Commission on English Language Program Accreditation
- Abbreviation: CEA
- Formation: 1999
- Type: Non-profit NGO
- Purpose: Educational Accreditation
- Headquarters: Alexandria, Virginia, United States
- Website: www.cea-accredit.org

= Commission on English Language Program Accreditation =

The Commission on English Language Program Accreditation (CEA) is a specialized accrediting agency that accredits post-secondary English language training programs. CEA states that its purpose is to provide a systematic approach by which programs and institutions can demonstrate their compliance with accepted standards, pursue continuous improvement, and be recognized for doing so. CEA accredits intensive English programs and institutions in the U.S. and internationally.

CEA accredits over 330 programs and institutions.

== History ==
CEA was founded in 1999 by English language teaching and administration professionals, following a recommendation by a TESOL task force composed of appointees from TESOL, NAFSA, UCIEP, and AAIEP (now EnglishUSA).  TESOL provided early operational and financial support for CEA, after which CEA was incorporated as a separate and independent non-profit accreditation agency in 1999.

In 2003, CEA was recognized by the U.S. Secretary of Education as a national accrediting agency for English language programs and institutions. CEA continues to be the only specialized accrediting agency for English language programs and institutions in the U.S. that is recognized by the U.S. Department of Education. In 2005, the mission of CEA was expanded to include the accreditation of post-secondary English language programs and schools outside the U.S. In 2013, federal legislation (P.L. 111-306) requiring that all English language programs seeking to issue student visas to non-immigrant international students for full-time intensive English study be accredited by a USDE-recognized accreditor took effect.

== Mission and Values ==
"The mission of the Commission on English Language Program Accreditation is to protect the interests of students and promote excellence in the field of English language teaching and administration through accreditation of English language programs and institutions worldwide. CEA achieves its mission by advancing widely-held standards to foster student success and continuous program development through a rigorous process of regular self-assessment and peer evaluation."CEA operates in keeping with the published CEA Values.

== Standards ==
The CEA Standards focus on the overall quality of an English language program or institution and are the basis of all accreditation decisions.  A program or institution seeking accreditation must respond to each standard and document its compliance with the standard. The CEA Standards are divided into 11 standard areas:  Mission, Program Development/Planning/Review, Curriculum, Faculty, Facilities/Equipment/Supplies, Administrative and Fiscal Capacity, Student Services, Recruiting, Length and Structure of the Program of Study, Student Achievement, and Student Complaints.

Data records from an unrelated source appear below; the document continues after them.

Lemma weak_identity xi e : 0 < e -> xi < 0 ->
  RInt (fun x => flux_weight x * drise xi e x - forcing x * rise xi e x) (xi - e) xi = forcing_integral xi.
Proof.
  intros He Hxi. set (phi := test_phi gamma xi e).
  destruct (Hweak phi (xi - e) 2 (test_fun_test_phi gamma xi e He Hxi)) as [I1 [I2 [I3 [I4 Hw]]]].
  set (G := fun x => (c * (U x * Derive phi x) + flux m p U x * Derive phi x)
                     - (gamma * (flux m p U x * phi x) + h (U x) * phi x)).
  assert (I1' : ex_RInt (fun x => c * (U x * Derive phi x)) (xi - e) 2)
    by now apply (ex_RInt_scal (V := R_NormedModule)).
  assert (I3' : ex_RInt (fun x => gamma * (flux m p U x * phi x)) (xi - e) 2)
    by now apply (ex_RInt_scal (V := R_NormedModule)).
  assert (I12 : ex_RInt (fun x => c * (U x * Derive phi x) + flux m p U x * Derive phi x) (xi - e) 2)
    by now apply (ex_RInt_plus (V := R_NormedModule)).
  assert (I34 : ex_RInt (fun x => gamma * (flux m p U x * phi x) + h (U x) * phi x) (xi - e) 2)
    by now apply (ex_RInt_plus (V := R_NormedModule)).
  assert (IG : ex_RInt G (xi - e) 2) by now apply (ex_RInt_minus (V := R_NormedModule)).
  assert (G0 : RInt G (xi - e) 2 = 0).
  { unfold G. rewrite RInt_Rminus, !RInt_Rplus, !RInt_Rmult_l by easy. lra. }
  rewrite (RInt_Chasles3 G (xi - e) xi 0 2) in G0 by (easy || lra).
  assert (Gright : RInt G 0 2 = 0).
  { rewrite (RInt_ext_le _ (fun _ => 0)); [rewrite RInt_const; apply Rmult_0_r | lra |].
    intros x Hx. unfold G. rewrite flux_pos, HU0, Hh0 by lra. ring. }
  assert (Gmid : RInt G xi 0 = - forcing_integral xi).
  { unfold forcing_integral. replace (- RInt forcing xi 0) with (-1 * RInt forcing xi 0) by ring.
    rewrite <- RInt_Rmult_l.
    - apply RInt_ext_le; [lra |]. intros x Hx. unfold G, phi.
      destruct (test_phi_le_1 gamma xi e x ltac:(lra)) as [-> ->].
      destruct (rise_right xi e He x ltac:(lra)) as [-> ->]. unfold forcing. ring.
    - apply (ex_RInt_continuous (V := R_CompleteNormedModule)). intros; apply continuous_forcing. }
  assert (Gleft : RInt G (xi - e) xi
                  = RInt (fun x => flux_weight x * drise xi e x - forcing x * rise xi e x) (xi - e) xi).
  { apply RInt_ext_le; [lra |]. intros x Hx. unfold G, phi.
    destruct (test_phi_le_1 gamma xi e x ltac:(lra)) as [-> ->].
    unfold flux_weight, forcing. ring. }
  lra.
Qed.

Lemma first_integral xi : xi < 0 -> flux_weight xi = forcing_integral xi.
Proof.
  intros Hxi.
  apply (filterlim_locally_unique (F := at_right 0)
           (fun e => RInt (fun x => flux_weight x * drise xi e x - forcing x * rise xi e x) (xi - e) xi)).
  - rewrite <- (Rminus_0_r (flux_weight xi)).
    apply (filterlim_ext_loc (fun e => RInt (fun x => flux_weight x * drise xi e x) (xi - e) xi
                                         - RInt (fun x => forcing x * rise xi e x) (xi - e) xi)).
    + exists (mkposreal 1 Rlt_0_1). intros e _ He. symmetry.
      apply RInt_Rminus; apply ex_RInt_continuous_left; try lra; intros x Hx; apply continuous_Rmult.
      * apply continuous_flux_weight. lra.
      * now apply continuous_drise.
      * apply continuous_forcing.
      * apply continuous_rise.
    + apply filterlim_Rminus.
      * apply filterlim_RInt_drise. intros x Hx. apply continuous_flux_weight. lra.
      * apply filterlim_RInt_rise. intros x _. apply continuous_forcing.
  - apply (filterlim_ext_loc (fun _ => forcing_integral xi)); [| apply filterlim_const].
    exists (mkposreal 1 Rlt_0_1). intros e _ He. symmetry. now apply weak_identity.
Qed.

End FirstIntegral.

Section NearTheFront.

Variables m p gamma c : R.
Variables h dh U : R -> R.

Hypothesis Hm : 0 < m.
Hypothesis Hp : 1 < p.
Hypothesis Hmp : 1 < m * (p - 1).
Hypothesis Hc : 0 < c.
Hypothesis Hgamma : 0 <= gamma.
Hypothesis Hh : C1_nonneg h dh.
Hypothesis Hh0 : h 0 = 0.
Hypothesis HUc : forall x, continuous U x.
Hypothesis HUmon : forall x y, x <= y -> U y <= U x.
Hypothesis HU0 : forall x, 0 <= x -> U x = 0.
Hypothesis HUpos : forall x, x < 0 -> 0 < U x.
Hypothesis HUd : forall x, x < 0 -> ex_derive U x.
Hypothesis Hfirst : forall x, x < 0 -> flux_weight m p gamma c U x = forcing_integral gamma c h U x.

== Organizational structure ==

=== Commission and Commissioners ===
CEA is governed by a commission of thirteen unpaid elected and appointed members. Eleven of the Commissioners are representatives from the field of teaching English to speakers of other languages at the post-secondary level and the remaining two Commissioners are public members who are outside the field of English language teaching and appointed to their positions. The eleven Commissioners from the field represent a range of program and institutional perspectives and domains of academic and administrative experience. Commissioners serve for a three-year term. Commissioners are elected by the CEA Constituent Council, which comprises representatives of CEA-accredited programs and institutions.

The Commission is responsible for setting CEA policy, for making accreditation decisions, and for fostering the continued development of CEA so that it can continue to respond to the changing needs in the field of English language teaching and administration.  Five standing committees conduct relevant activities:  Executive Committee, Finance Committee, Nominating Committee, Standards Compliance Committee, Standards Review Committee.

=== Constituent Council ===
Accredited programs and institutions are considered constituents of CEA, and as such, become a member of the CEA Constituent Council. Members of the Constituent Council nominate candidates employed by an accredited program or institution to stand for election to serve on the Commission; elect the eleven non-public members of the Commission and make recommendations to the Commission regarding revisions to the CEA Standards and CEA Policies and Procedures.

=== CEA Administration ===
CEA staff includes executive, accreditation process, accreditation review, compliance, and business operations units. The executive director is the chief executive officer of CEA, appointed by the Commission, and responsible for the overall management of CEA’s operations. In concert with the Commission, the executive director is responsible for implementing CEA’s policies, programs, services and decisions.

=== Site Reviewers ===
CEA site reviews are conducted by peer reviewers who are selected and trained by CEA.  Reviewer qualifications include academic requirements and evidence of professional engagement, relevant domains of expertise, experience with self-study or program evaluation, skill in written and oral communication.  Reviewers must adhere to strict confidentiality and conflict-of-interest requirements.

== Relationship to the US government ==

=== U.S. Department of Education recognition ===
Following review by the U.S. Department of Education, CEA was granted recognition by the U.S. Secretary of Education in 2003 and has maintained recognition through regular renewal reviews.  This recognition verifies that CEA complies with the Department’s criteria for recognition, which are the requirements stated in federal regulations CFR 34 Part 602.  CEA is recognized by the Secretary to accredit both programs and language institutions; however, the Secretary's recognition of CEA does not qualify its accredited institutions for student financial aid under the Higher Education Act.  A description of the recognition process and a list of recognized accreditation agencies is available at www.ed.gov/accreditation.

=== U.S. Department of Homeland Security, the Student and Exchange Visitor Program (SEVP), and the Accreditation Act ===
Intensive English language programs and institutions within the United States that admit international students for study must be certified by the Student and Exchange Visitor Program (SEVP) division within the Department of Homeland Security (DHS) division in order to issue the document (Form I-20) to such students to allow them to apply for student visas to enter the U.S.

In 2010, P.L. 111-306 was enacted; this legislation, also known as the Accreditation Act, requires that English language schools that seek SEVP certification to issue Form I-20 be accredited by an accreditor recognized by the U.S. Secretary of Education.  Thus, one purpose of CEA accreditation is to provide programs and institutions a means to show that they meet the requirements of the Accreditation Act and provide SEVP with a means of identifying sites that comply with the Act.

== See also ==

=== Accreditation Process ===
CEA’s accreditation process comprises an eligibility application, workshop, self-study report, site visit, and accreditation decision.